Famous chef new restaurant hype.
Flour & Water, San Francisco


Loved the apps, thought naught of the pizza. Thin woody-smelling crust, but straight soggy in center – especially since we had a cracked egg in the middle – short on bubbling, with oversalted dough. Yes, it’s a totally “proper” Neapolitan styled pie, but just lacked overall cohesion. This would’ve been an excellent meal if the restaurant name wasn’t so overtly indicative. After all, some of the finest raviolis & seasonal salads in town can be had here. The braised lamb tongue with poached egg, though minuscule, is fantastic, better than even The Fig’s brilliant lengua. David Chang can hate on figs all he wants, F+W churned out a seared duck with fresh figs + arugula/microgreens that was most glorious. Fig and San Franciso are so in touch with each other’s feelings!
Blinded by out of town pizza hype. Damn you San Francisco. Delfina was just doing fine.


It’s been around for ever, it’s soooo high end and weekend reservations are still quite difficult — I had to wait just to be seated at the bar, 10 min after the doors opened. But, it seems, purely due to location (much too close to fisherman’s wharf), the flavors and creativity have dropped significantly over the last few years [it won James Beard's best new restaurant back in 2000]. SF is known for old timers ala Chez Panisse (Cafe) & Zuni, but Danko falls far outside that tasty circle. Again, I was told I ordered “wrong”, but at $66++ per person for the 3 course prix fixe, nothing has the right to be wrong. Yes, I just called quail stuffed with foie boring. The foie was mixed into a mushroom mush and due to stuffing, transformed itself into blended offal with composition akin to pureed innards. The quail was underseasoned & underspiced, needing unfulfilled support from the foie.
Old school staid Hype
Taste of Brazil

The maracuja juice is imported? In a can? Really? And I want this WHY? Just because it’s imported? Hey, melamine-tainted milk is imported. Overall bland & boring prep. Pao de Queijo is how much? $7$8 for 8 6 little cheese balls the size of ping pongs? Wow. Straight rip. Stroganoff tasted straight from University of Michigan’s North Campus dining hall, so that was probably the best item for the night.
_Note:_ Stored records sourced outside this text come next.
(* Suppose $a<\mathcal U_L^{-1}$ and that $\mathbf X^{RSAA}\in\mathcal S_p$ satisfies the S$^3$ONC$(\mathbf Z_1^n)$ almost surely. Then $$\mathbb P\big[\,|\sigma_j(\mathbf X^{RSAA})|\notin(0,a\lambda)\ \text{for all } j=1,\dots,p\,\big]=1.$$
   Context: $\mathcal S_p$ is the cone of $p\times p$ symmetric positive semidefinite matrices; $\sigma_j(\mathbf X)$ is the $j$-th eigenvalue (singular value) of $\mathbf X$. $Z_1,\dots,Z_n$ are i.i.d. random vectors in $\mathcal W\subseteq\mathbb R^q$, $f:\mathcal S_p\times\mathcal W\to\mathbb R$ measurable, $\mathcal F_n(\mathbf X,\mathbf Z_1^n)=\frac1n\sum_i f(\mathbf X,Z_i)$. For $a,\lambda>0$, $P_\lambda(x)=\int_0^x\frac{[a\lambda-t]_+}{a}dt$ and $\mathcal F_{n,\lambda}(\mathbf X,\mathbf Z_1^n)=\mathcal F_n(\mathbf X,\mathbf Z_1^n)+\sum_{j=1}^pP_\lambda(\sigma_j(\mathbf X))$. $\mathcal U_L\ge1$ is a constant. A matrix $\hat{\mathbf X}\in\mathcal S_p$ satisfies S$^3$ONC$(\mathbf Z_1^n)$ if (a) $\nabla\mathcal F_{n,\lambda}(\hat{\mathbf X},\mathbf Z_1^n)=0$, and (b) for every $j$ with $\sigma_j(\hat{\mathbf X})\in(0,a\lambda)$, $\mathcal U_L+\frac{\partial^2P_\lambda(\sigma_j(\mathbf X))}{[\partial\sigma_j(\mathbf X)]^2}\big|_{\mathbf X=\hat{\mathbf X}}\ge0$. *)

From HB Require Import structures.
From mathcomp Require Import all_boot all_order all_algebra.
From mathcomp Require Import all_classical all_reals all_analysis.
From mathcomp Require Import polyrcf.
Set Implicit Arguments. Unset Strict Implicit. Unset Printing Implicit Defensive.
Import Order.TTheory GRing.Theory Num.Theory.
Import numFieldNormedType.Exports.
Local Open Scope classical_set_scope.
Local Open Scope ring_scope.

Section Defs.
Variable R : realType.

Definition psd_cone (p : nat) : set 'M[R]_p :=
  [set A | A^T = A /\ forall v : 'cV[R]_p, 0 <= (v^T *m A *m v) ord0 ord0].
Arguments psd_cone : clear implicits.

(* Eigenvalues (with algebraic multiplicity) of a real square matrix whose
   characteristic polynomial splits over R, sorted in non-increasing order:
   the real roots of char_poly, each repeated mup times. *)
Definition eigvals_sorted (p : nat) (A : 'M[R]_p) : seq R :=
  let c := char_poly A in
  sort (fun x y : R => y <= x)
       (flatten [seq nseq (mup x c) x | x <- rootsR c]).

(* sigma_j(X): the j-th largest singular value of X (j is 0-based here:
   j : 'I_p stands for the paper's index j+1).  sigma_j(X) is the square
   root of the j-th largest eigenvalue of X^T X; for X in S_p it is the
   j-th largest eigenvalue of X. *)
Definition sigma (p : nat) (j : 'I_p) (X : 'M[R]_p) : R :=
  Num.sqrt (nth 0 (eigvals_sorted (X^T *m X)) j).

Definition Plam (a lam : R) (x : R) : R :=
  let g := fun t : R => Num.max (a * lam - t) 0 / a in
  if 0 <= x then Rintegral lebesgue_measure `[0, x] g
  else - Rintegral lebesgue_measure `[x, 0] g.

Definition Fn (p q n : nat) (f : 'M[R]_p -> 'rV[R]_q -> R)
    (Z : 'I_n -> 'rV[R]_q) (X : 'M[R]_p) : R :=
  n%:R^-1 * \sum_(i < n) f X (Z i).

Definition Fnlam (p q n : nat) (a lam : R) (f : 'M[R]_p -> 'rV[R]_q -> R)
    (Z : 'I_n -> 'rV[R]_q) (X : 'M[R]_p) : R :=
  Fn f Z X + \sum_(j < p) Plam a lam (sigma j X).

Definition S3ONC (p q n : nat) (a lam UL : R) (f : 'M[R]_p -> 'rV[R]_q -> R)
    (Z : 'I_n -> 'rV[R]_q) (Xhat : 'M[R]_p) : Prop :=
  psd_cone p Xhat /\
  (differentiable (Fnlam a lam f Z) Xhat /\
   forall H : 'M[R]_p, 'd (Fnlam a lam f Z) Xhat H = 0) /\
  (forall j : 'I_p, 0 < sigma j Xhat < a * lam ->
     0 <= UL + derive1 (derive1 (Plam a lam)) (sigma j Xhat)).

(* Measurable sets of R^q (row vectors): sigma-algebra generated by the
   coordinate maps, i.e. the Borel sigma-algebra of R^q. *)
Definition rvec_measurable (q : nat) : set (set 'rV[R]_q) :=
  <<s [set S | exists (k : 'I_q) (B : set R), measurable B /\
                 S = (fun v : 'rV[R]_q => v ord0 k) @^-1` B] >>.

(* Measurable sets of S_p x W-ambient space 'M_p * 'rV_q (Borel). *)
Definition mxrv_measurable (p q : nat) : set (set ('M[R]_p * 'rV[R]_q)) :=
  <<s [set S | exists (B : set R),  measurable B /\
        ((exists i j : 'I_p, S = (fun u : 'M[R]_p * 'rV[R]_q => u.1 i j) @^-1` B)
         \/ (exists k : 'I_q, S = (fun u : 'M[R]_p * 'rV[R]_q => u.2 ord0 k) @^-1` B))] >>.

Definition f_measurable (p q : nat) (W : set 'rV[R]_q)
    (f : 'M[R]_p -> 'rV[R]_q -> R) : Prop :=
  forall B : set R, measurable B ->
    exists S, mxrv_measurable S /\
      [set u | psd_cone p u.1 /\ W u.2 /\ B (f u.1 u.2)] =
      S `&` [set u | psd_cone p u.1 /\ W u.2].

Definition iid_rvecs d (Omega : measurableType d) (P : probability Omega R)
    (q n : nat) (Z : 'I_n -> Omega -> 'rV[R]_q) : Prop :=
  (forall (i : 'I_n) (k : 'I_q),
      measurable_fun setT (fun w => Z i w ord0 k)) /\
  (forall B : 'I_n -> set 'rV[R]_q, (forall i, rvec_measurable (B i)) ->
      P (\bigcap_(i in [set: 'I_n]) (Z i @^-1` B i)) =
      (\prod_(i < n) P (Z i @^-1` B i))%E) /\
  (forall (i j : 'I_n) (B : set 'rV[R]_q), rvec_measurable B ->
      P (Z i @^-1` B) = P (Z j @^-1` B)).

End Defs.
Arguments psd_cone {R} p.

(* On the concave region (0, a lam) the penalty P_lam is the quadratic
   lam x - x^2 / (2 a), so its second derivative there is -1/a.  When
   a < UL^-1 this makes UL + P_lam'' = UL - 1/a negative, so the
   second-order part of S^3ONC excludes every singular value from (0, a lam);
   the probabilistic statement follows pointwise on the almost sure event. *)
From HB Require Import structures.
From mathcomp Require Import all_boot all_order all_algebra.
From mathcomp Require Import all_classical all_reals all_analysis.
From mathcomp Require Import ring.
Import Order.TTheory GRing.Theory Num.Theory.
Import numFieldNormedType.Exports.
Local Open Scope classical_set_scope.
Local Open Scope ring_scope.

Section MinimaxConcavePenalty.
Variable R : realType.
Variables a lam : R.
Hypothesis a_gt0 : 0 < a.

Let scaleE (k y : R) : k *: y = k * y. Proof. by []. Qed.

(* Written with function combinators so that [is_derive_eq] can find the
   derivatives through the canonical [is_derive] instances. *)
Definition mcp_quadratic : R -> R :=
  (lam \*: (@id R)) - ((2 * a)^-1 \*: ((@id R) * (@id R))).

Definition mcp_slope : R -> R := cst lam - a^-1 \*: (@id R).

Lemma mcp_quadraticE y : mcp_quadratic y = lam * y - y * y / (2 * a).
Proof. by rewrite /mcp_quadratic !fctE /= !scaleE; field; rewrite lt0r_neq0. Qed.

Lemma mcp_slopeE y : mcp_slope y = lam - y / a.
Proof. by rewrite /mcp_slope !fctE /= scaleE mulrC. Qed.

Lemma is_derive_mcp_quadratic (y : R) : is_derive y 1 mcp_quadratic (mcp_slope y).
Proof.
apply: is_derive_eq; rewrite mcp_slopeE /= !scaleE.
by field; rewrite lt0r_neq0.
Qed.

Lemma is_derive_mcp_slope (y : R) : is_derive y 1 mcp_slope (- a^-1).
Proof. by apply: is_derive_eq; rewrite /= scaleE mulr1 sub0r. Qed.

Lemma Plam_quadratic x : 0 < x <= a * lam -> Plam a lam x = mcp_quadratic x.
Proof.
case/andP=> x_gt0 x_le; rewrite /Plam (ltW x_gt0).
have quad_cont y : {for y, continuous mcp_quadratic}.
  apply: differentiable_continuous; apply/derivable1_diffP.
  by case: (is_derive_mcp_quadratic y).
transitivity (Rintegral lebesgue_measure `[0, x] mcp_slope).
  apply: eq_Rintegral => t; rewrite inE /= in_itv /= => /andP[t_ge0 t_le].
  transitivity (mcp_slope t); last by [].
  rewrite mcp_slopeE max_l; last by rewrite subr_ge0 (le_trans t_le).
  by rewrite mulrBl mulrAC divff ?lt0r_neq0 // mul1r.
rewrite /Rintegral (@continuous_FTC2 _ mcp_slope mcp_quadratic _ _ x_gt0).
- by rewrite /= !mcp_quadraticE mulr0 !mul0r !subr0.
- apply: derivable_within_continuous => y _.
  by case: (is_derive_mcp_slope y).
- split.
  + by move=> y _; case: (is_derive_mcp_quadratic y).
  + exact/cvg_at_right_filter/quad_cont.
  + exact/cvg_at_left_filter/quad_cont.
- by move=> y _; rewrite derive1E (@derive_val _ _ _ _ _ _ _ (is_derive_mcp_quadratic y)).
Qed.

Lemma derive1_Plam s : 0 < s < a * lam -> derive1 (Plam a lam) s = mcp_slope s.
Proof.
move=> s_in; rewrite derive1E (@near_eq_derive _ _ _ _ mcp_quadratic).
  exact: (@derive_val _ _ _ _ _ _ _ (is_derive_mcp_quadratic s)).
have : s \in `]0, a * lam[ by rewrite in_itv.
move/near_in_itvoo; apply: filterS => y; rewrite in_itv /= => /andP[y0 yl].
by apply: Plam_quadratic; rewrite y0 ltW.
Qed.

Lemma derive2_Plam s : 0 < s < a * lam ->
  derive1 (derive1 (Plam a lam)) s = - a^-1.
Proof.
move=> s_in; rewrite derive1E (@near_eq_derive _ _ _ _ mcp_slope).
  exact: (@derive_val _ _ _ _ _ _ _ (is_derive_mcp_slope s)).
have : s \in `]0, a * lam[ by rewrite in_itv.
by move/near_in_itvoo; apply: filterS => y; rewrite in_itv; apply: derive1_Plam.
Qed.

End MinimaxConcavePenalty.

Lemma sigma_ge0 (R : realType) (p : nat) (j : 'I_p) (X : 'M[R]_p) :
  0 <= sigma j X.
Proof. exact: sqrtr_ge0. Qed.

Lemma S3ONC_sigma_notin_concave_region (R : realType) (p q n : nat)
    (a lam UL : R) (f : 'M[R]_p -> 'rV[R]_q -> R) (Z : 'I_n -> 'rV[R]_q)
    (X : 'M[R]_p) :
  0 < a -> a < UL^-1 -> S3ONC a lam UL f Z X ->
  forall j : 'I_p, ~ (0 < sigma j X < a * lam).
Proof.
move=> a_gt0 a_lt [_ [_ second_order]] j sigma_in.
have UL_gt0 : 0 < UL by rewrite -invr_gt0 (lt_trans a_gt0).
have UL_lt : UL < a^-1 by rewrite -(invrK UL) ltf_pV2 ?posrE ?invr_gt0.
have := second_order j sigma_in; rewrite derive2_Plam //.
by apply/negP; rewrite -ltNge subr_lt0.
Qed.

Theorem proposition8 (R : realType) (d : measure_display) (Omega : measurableType d)
    (P : probability Omega R) (p q n : nat) (W : set 'rV[R]_q)
    (Z : 'I_n -> Omega -> 'rV[R]_q) (f : 'M[R]_p -> 'rV[R]_q -> R)
    (a lam UL : R) (XRSAA : Omega -> 'M[R]_p) :
  (0 < n)%N ->
  iid_rvecs P Z ->
  (forall i w, W (Z i w)) ->
  f_measurable W f ->
  0 < a -> 0 < lam -> 1 <= UL ->
  a < UL^-1 ->
  (forall w, psd_cone p (XRSAA w)) ->
  {ae P, forall w, S3ONC a lam UL f (fun i => Z i w) (XRSAA w)} ->
  {ae P, forall w, forall j : 'I_p,
      ~ (0 < `|sigma j (XRSAA w)| < a * lam)}.
Proof.
move=> _ _ _ _ a_gt0 _ _ a_lt _; apply: filterS => w S3ONC_w j.
rewrite ger0_norm ?sigma_ge0 //.
exact: S3ONC_sigma_notin_concave_region S3ONC_w j.
Qed.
Brazilian sausages, again, IMPORTED, tasted of Farmer John’s. Skirt steak, completely mundane, the one dimensional peixe a baiana makes one appreciate the complexity of a good Thai green curry. The loud musician on weekends brings tunes that pierce your ear drums while your palate is bored by the food. Good times? Hell no.
Yelp, you fail me so. Sampled nearly a dozen dishes with the large party, need not return.

Marisco Chente


Once again, I was told I ordered incorrectly. Except this time, I studied the menu and read the massive threads on Chowhound. I got some shrimp in booze sauce, and a ceviche mixto. This the best of Nayarit AND Sinaloa? The ceviche came out with surimi. Game over. Apparently if you go with a Spanish speaking person you won’t get whited. While not having traveled extensively in Mexico, I’m pretty darn sure every piece of jaiba flesh I’ve had in Mexico, even down to the $1.50 marisco stands, was real. The medium large shrimps looked pretty, but were overcooked. No matter how stupendously diablo their sauce might be, if the shrimp has to die the second time on the cooktop, I don’t want to eat it. But no worries Claire, I will go visit one more time.
Ok, so there are 8. In fact, there really MUCH more, but these are what really popped out.